After things go wrong and the incident is resolved, it's time to learn.
Regardless of what you call this process, you want to use a template so that your team has a standardized way of documenting what went wrong, and what your organization will do differently in the future to avoid repeat issues. It also helps to store these documents in a centralized place so that your teams have the opportunity to learn from each other's mistakes (Google Docs, Confluence/Notion, etc).
It's common for postmortem templates to include a five whys analysis to determine a root cause.
Be aware that when building software in the cloud, there is rarely a "true" root cause due to the sheer complexity of building distributed software. It's still worth attempting to find improvements to your organization's processes to avoid repeat incidents.
- What happened?
- What was the impact on customers and your business?
- What was the root cause?
- What data do you have to support this?
- Especially metrics and graphs
- What were the critical pillar implications, especially security?
- When architecting workloads you make trade-offs between pillars based upon your business context. These business decisions can drive your engineering priorities. You might optimize to reduce cost at the expense of reliability in development environments, or, for mission-critical solutions, you might optimize reliability with increased costs. Security is always job zero, as you have to protect your customers.

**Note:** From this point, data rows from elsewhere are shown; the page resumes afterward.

(* Let $G$ be a finite group. Then $h\mathrm{aut}(\jmath S(G))\cong\mathrm{Aut}(G)$ as groups.
   Context: For a finite group $G$, $S(G)=(G,[G])$ is the association scheme with $[G]=\{G_f\}_{f\in G}$, $G_f=\{(k,l)\in G\times G\mid k^{-1}l=f\}$. For an association scheme $(X,S)$ (finite set $X$ with a suitable partition $S$ of $X\times X$), the quasi-schemoid $\jmath(X,S)=(\mathcal{C},S)$ has $ob(\mathcal{C})=X$, $\mathrm{Hom}_{\mathcal{C}}(y,x)=\{(x,y)\}$, composition $(z,x)\circ(x,y)=(z,y)$, and partition $S$ of $mor(\mathcal{C})=X\times X$. A quasi-schemoid is a small category with a partition of its morphisms such that for blocks $\sigma,\tau,\mu$ and $f,g\in\mu$ the number of composable pairs $(a,b)\in\sigma\times\tau$ with $a\circ b=f$ equals that with $a\circ b=g$; a morphism of quasi-schemoids is a functor sending each block of the source partition into some block of the target partition. Product: $(\mathcal{C},S)\times(\mathcal{E},S')=(\mathcal{C}\times\mathcal{E},\{\sigma\times\tau\})$. $[1]$ has objects $0,1$ and one non-identity morphism $0\to1$; $I=([1],\{\{f\}\}_f)$. A homotopy $H\colon F\Rightarrow F'$ is a morphism $H\colon(\mathcal{C},S)\times I\to(\mathcal{D},S')$ with $H\circ\varepsilon_0=F$, $H\circ\varepsilon_1=F'$ ($\varepsilon_i(a)=(a,i)$, $\varepsilon_i(f)=(f,1_i)$). $F\sim F'$ means there is a homotopy $F\Rightarrow F'$ or $F'\Rightarrow F$; $F\simeq F'$ means a finite chain $F=F_0\sim\cdots\sim F_n=F'$. $h\mathrm{aut}(A)$ is the group of $\simeq$-classes of self-homotopy equivalences of $A$ (morphisms $F\colon A\to A$ with some $F'$ satisfying $FF'\simeq1$, $F'F\simeq1$) under composition. $\mathrm{Aut}(G)$ is the automorphism group of $G$. *)

From mathcomp Require Import all_boot all_fingroup.
From Stdlib Require Import Relation_Operators.

Set Implicit Arguments.
Unset Strict Implicit.
Unset Printing Implicit Defensive.

(* Small categories, presented by objects, morphisms, domain/codomain, *)
(* identities and a (total) composition operation which is only        *)
(* meaningful on composable pairs (c_dom a = c_cod b).                 *)
Record cat := Cat {
  c_ob : Type;
  c_mor : Type;
  c_dom : c_mor -> c_ob;
  c_cod : c_mor -> c_ob;
  c_id : c_ob -> c_mor;
  c_comp : c_mor -> c_mor -> c_mor;   (* c_comp a b = a o b *)
  c_dom_id : forall x, c_dom (c_id x) = x;
  c_cod_id : forall x, c_cod (c_id x) = x;
  c_dom_comp : forall a b, c_dom a = c_cod b -> c_dom (c_comp a b) = c_dom b;
  c_cod_comp : forall a b, c_dom a = c_cod b -> c_cod (c_comp a b) = c_cod a;
  c_comp_idl : forall a, c_comp (c_id (c_cod a)) a = a;
  c_comp_idr : forall a, c_comp a (c_id (c_dom a)) = a;
  c_comp_assoc : forall a b c, c_dom a = c_cod b -> c_dom b = c_cod c ->
      c_comp a (c_comp b c) = c_comp (c_comp a b) c
}.

Record functor (C D : cat) := Functor {
  fob : c_ob C -> c_ob D;
  fmor : c_mor C -> c_mor D;
  f_dom : forall a, c_dom (fmor a) = fob (c_dom a);
  f_cod : forall a, c_cod (fmor a) = fob (c_cod a);
  f_id : forall x, fmor (c_id x) = c_id (fob x);
  f_comp : forall a b, c_dom a = c_cod b ->
      fmor (c_comp a b) = c_comp (fmor a) (fmor b)
}.

Section FunctorOps.
Variables C D E : cat.

Program Definition fcomp (G : functor D E) (F : functor C D) : functor C E :=
  @Functor C E (fun x => fob G (fob F x)) (fun a => fmor G (fmor F a)) _ _ _ _.
Next Obligation. by move=> G F a /=; rewrite !f_dom. Qed.
Next Obligation. by move=> G F a /=; rewrite !f_cod. Qed.
Next Obligation. by move=> G F x /=; rewrite !f_id. Qed.
Next Obligation.
move=> G F a b H /=; rewrite (f_comp F H) f_comp //.
by rewrite f_dom f_cod H.
Qed.

Program Definition fid : functor C C :=
  @Functor C C (fun x => x) (fun a => a) _ _ _ _.
Solve All Obligations with (intros; reflexivity).

Definition feq (F G : functor C D) : Prop :=
  (forall x, fob F x = fob G x) /\ (forall a, fmor F a = fmor G a).
End FunctorOps.

Program Definition prod_cat (C E : cat) : cat :=
  @Cat (c_ob C * c_ob E) (c_mor C * c_mor E)
    (fun m => (c_dom m.1, c_dom m.2)) (fun m => (c_cod m.1, c_cod m.2))
    (fun x => (c_id x.1, c_id x.2))
    (fun a b => (c_comp a.1 b.1, c_comp a.2 b.2)) _ _ _ _ _ _ _.
Next Obligation. by move=> C E [x y] /=; rewrite !c_dom_id. Qed.
Next Obligation. by move=> C E [x y] /=; rewrite !c_cod_id. Qed.
Next Obligation.
move=> C E [a1 a2] [b1 b2] /= [H1 H2].
by rewrite !c_dom_comp.
Qed.
Next Obligation.
move=> C E [a1 a2] [b1 b2] /= [H1 H2].
by rewrite !c_cod_comp.
Qed.
Next Obligation. by move=> C E [a1 a2] /=; rewrite !c_comp_idl. Qed.
Next Obligation. by move=> C E [a1 a2] /=; rewrite !c_comp_idr. Qed.
Next Obligation.
move=> C E [a1 a2] [b1 b2] [d1 d2] /= [H1 H2] [H3 H4].
by rewrite !c_comp_assoc.
Qed.

(* The category [1]: objects 0 (false), 1 (true); one non-identity
   morphism 0 -> 1. *)
Inductive arr1 := a00 | a11 | a01.

Definition arr1_dom (m : arr1) : bool :=
  match m with a00 => false | a11 => true | a01 => false end.
Definition arr1_cod (m : arr1) : bool :=
  match m with a00 => false | a11 => true | a01 => true end.
Definition arr1_id (i : bool) : arr1 := if i then a11 else a00.
Definition arr1_comp (a b : arr1) : arr1 :=
  match a, b with
  | a11, a11 => a11
  | a11, a01 => a01
  | a01, a00 => a01
  | a00, a00 => a00
  | _, _ => a (* non-composable pairs: junk value *)
  end.

Program Definition cat1 : cat :=
  @Cat bool arr1 arr1_dom arr1_cod arr1_id arr1_comp _ _ _ _ _ _ _.
Next Obligation. by case. Qed.
Next Obligation. by case. Qed.
Next Obligation. by case; case. Qed.
Next Obligation. by case; case. Qed.
Next Obligation. by case. Qed.
Next Obligation. by case. Qed.
Next Obligation. by case; case; case. Qed.

(* mor(C) is represented by a labelling  q_lab : mor(C) -> q_blk ;     *)
(* the blocks of S are the (nonempty) fibres of q_lab.                 *)
Record qsch := QS {
  q_cat : cat;
  q_blk : Type;
  q_lab : c_mor q_cat -> q_blk
}.

(* The quasi-schemoid axiom (recorded for documentation; it is not
   needed to define homotopies or haut): for blocks s, t and f, g in
   the same block, the sets of composable pairs (a,b) in s x t with
   a o b = f, resp. = g, are in bijection. *)
Definition comp_pairs (A : qsch) (s t : q_blk A) (f : c_mor (q_cat A)) :=
  {p : c_mor (q_cat A) * c_mor (q_cat A) |
     [/\ q_lab p.1 = s, q_lab p.2 = t, c_dom p.1 = c_cod p.2
       & c_comp p.1 p.2 = f]}.

Definition is_quasi_schemoid (A : qsch) : Prop :=
  forall (s t : q_blk A) (f g : c_mor (q_cat A)), q_lab f = q_lab g ->
    exists (phi : comp_pairs s t f -> comp_pairs s t g)
           (psi : comp_pairs s t g -> comp_pairs s t f),
      cancel phi psi /\ cancel psi phi.

Record qmor (A B : qsch) := QMor {
  qfun : functor (q_cat A) (q_cat B);
  q_block : forall a b, q_lab a = q_lab b ->
      q_lab (fmor qfun a) = q_lab (fmor qfun b)
}.

Program Definition qcomp (A B C : qsch) (G : qmor B C) (F : qmor A B)
  : qmor A C := @QMor A C (fcomp (qfun G) (qfun F)) _.
Next Obligation. by move=> A B C G F a b H /=; apply: q_block; apply: q_block. Qed.

Program Definition qid (A : qsch) : qmor A A := @QMor A A (fid _) _.
Next Obligation. by []. Qed.

Definition qprod (A B : qsch) : qsch :=
  @QS (prod_cat (q_cat A) (q_cat B)) (q_blk A * q_blk B)
      (fun m => (q_lab m.1, q_lab m.2)).

Definition qI : qsch := @QS cat1 arr1 (fun m => m).

Program Definition eps (C : cat) (i : bool) : functor C (prod_cat C cat1) :=
  @Functor C (prod_cat C cat1) (fun a => (a, i)) (fun f => (f, @c_id cat1 i))
    _ _ _ _.
Next Obligation. by move=> C [] x. Qed.
Next Obligation. by move=> C [] x. Qed.
Next Obligation. by move=> C [] x. Qed.
Next Obligation. by move=> C [] a b. Qed.

Definition homotopy (A B : qsch) (F F' : qmor A B) : Prop :=
  exists H : qmor (qprod A qI) B,
    feq (fcomp (qfun H) (eps (q_cat A) false)) (qfun F) /\
    feq (fcomp (qfun H) (eps (q_cat A) true)) (qfun F').

Definition qsim (A B : qsch) (F F' : qmor A B) : Prop :=
  homotopy F F' \/ homotopy F' F.

Definition qhtpc (A B : qsch) : qmor A B -> qmor A B -> Prop :=
  clos_refl_trans (qmor A B) (@qsim A B).

Definition self_heq (A : qsch) (F : qmor A A) : Prop :=
  exists F' : qmor A A,
    qhtpc (qcomp F F') (qid A) /\ qhtpc (qcomp F' F) (qid A).

(* The functor j from association schemes (X, S) (S given by a         *)
(* labelling of X x X) to quasi-schemoids, and S(G).                   *)
Program Definition codiscrete_cat (X : Type) : cat :=
  (* Hom(y, x) = {(x, y)}, (z, x) o (x, y) = (z, y) *)
  @Cat X (X * X) (fun m => m.2) (fun m => m.1) (fun x => (x, x))
       (fun a b => (a.1, b.2)) _ _ _ _ _ _ _.
Solve All Obligations with (intros; repeat match goal with p : _ * _ |- _ => destruct p end; reflexivity).

Definition jmath (X B : Type) (lab : X * X -> B) : qsch :=
  @QS (codiscrete_cat X) B lab.

(* S(G) = (G, [G]), with (k, l) in G_f  iff  k^-1 l = f *)
Definition SG_lab (gT : finGroupType) (m : gT * gT) : gT := (m.1^-1 * m.2)%g.

Definition jSG (gT : finGroupType) : qsch := @jmath gT gT (@SG_lab gT).

From Pilot Require Import Defs.
From mathcomp Require Import all_boot all_fingroup.
From Stdlib Require Import Relation_Operators.

Set Implicit Arguments.
Unset Strict Implicit.
Unset Printing Implicit Defensive.

(* A self-map F of j S(G) is determined by its object map f, and preserving
   blocks means that f(x)^-1 f(y) only depends on x^-1 y.  Hence
   psi(x) := f(x) f(1)^-1 is an endomorphism of G and f = psi * f(1) is psi
   followed by a right translation.  A homotopy F => F' sends the arrow
   ((x,x), 0 -> 1) to f(x)^-1 f'(x), which lies in the block of
   f(1)^-1 f'(1); so homotopic maps have the same psi.  Conversely two maps
   with the same psi differ by a right translation by some k, and
   (x, i) |-> f(x) k^i is a homotopy between them.  Thus homotopy classes of
   self-equivalences correspond to their endomorphisms psi, which are
   exactly the automorphisms of G. *)

Program Definition codiscrete_functor (C : Defs.cat) (X : Type) (h : c_ob C -> X) :
  functor C (codiscrete_cat X) :=
  @Functor C (codiscrete_cat X) h (fun m => (h (c_cod m), h (c_dom m))) _ _ _ _.
Next Obligation. by []. Qed.
Next Obligation. by []. Qed.
Next Obligation. by move=> C X h x /=; rewrite c_cod_id c_dom_id. Qed.
Next Obligation. by move=> C X h a b e /=; rewrite c_cod_comp // c_dom_comp. Qed.

Lemma fmor_codiscrete (C : Defs.cat) (X : Type) (F : functor C (codiscrete_cat X))
    (m : c_mor C) :
  fmor F m = (fob F (c_cod m), fob F (c_dom m)).
Proof.
have := f_dom F m; have := f_cod F m.
by case: (fmor F m) => u v /= -> ->.
Qed.

Section SelfMapsOfjSG.
Variable gT : finGroupType.
Local Open Scope group_scope.

Local Notation selfmap := (qmor (jSG gT) (jSG gT)).
Local Notation fo F := (fob (qfun F)).

Lemma q_lab_fmor_jSG (A : qsch) (H : qmor A (jSG gT)) (m : c_mor (q_cat A)) :
  q_lab (fmor (qfun H) m) = (fob (qfun H) (c_cod m))^-1 * fob (qfun H) (c_dom m).
Proof. by rewrite fmor_codiscrete. Qed.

- What lessons did you learn?
- What corrective actions are you taking?
- Actions items
- Related items (trouble tickets etc)
- Incident summary (what happened, why, incident severity, how long did the incident last?)
- Leadup (the series of events that lead to the incident)
- Fault (describe how the software misbehaved)
- Impact (determine how many users were impacted, over which time period)
- Detection (when did the team detect the incident, and how)
- Response (who responded to the incident, when, and what did they do?)
- Recovery (how was the system restored, what steps were needed to restore the system to a functioning state?)
- Timeline (an incident timeline, using the UTC timezone to standardize time)
- Five whys (describe the incident, ask why it happened, then ask why that happened, recursively, five times)
- Root cause (what needs to be changed to avoid this happening again)
- Backlog check (review your backlog to see if any unplanned work could have prevented this issue)
- Recurrence (use the root cause to see if other incidents had the same root cause. Ask why the incident happened again)
- Corrective actions (describe the work needed to prevent the incident happening again, who is responsible for completing the work, and when)
In short, it doesn't matter which template you pick (or if you create one from scratch), as long as it's consistently used by your organization.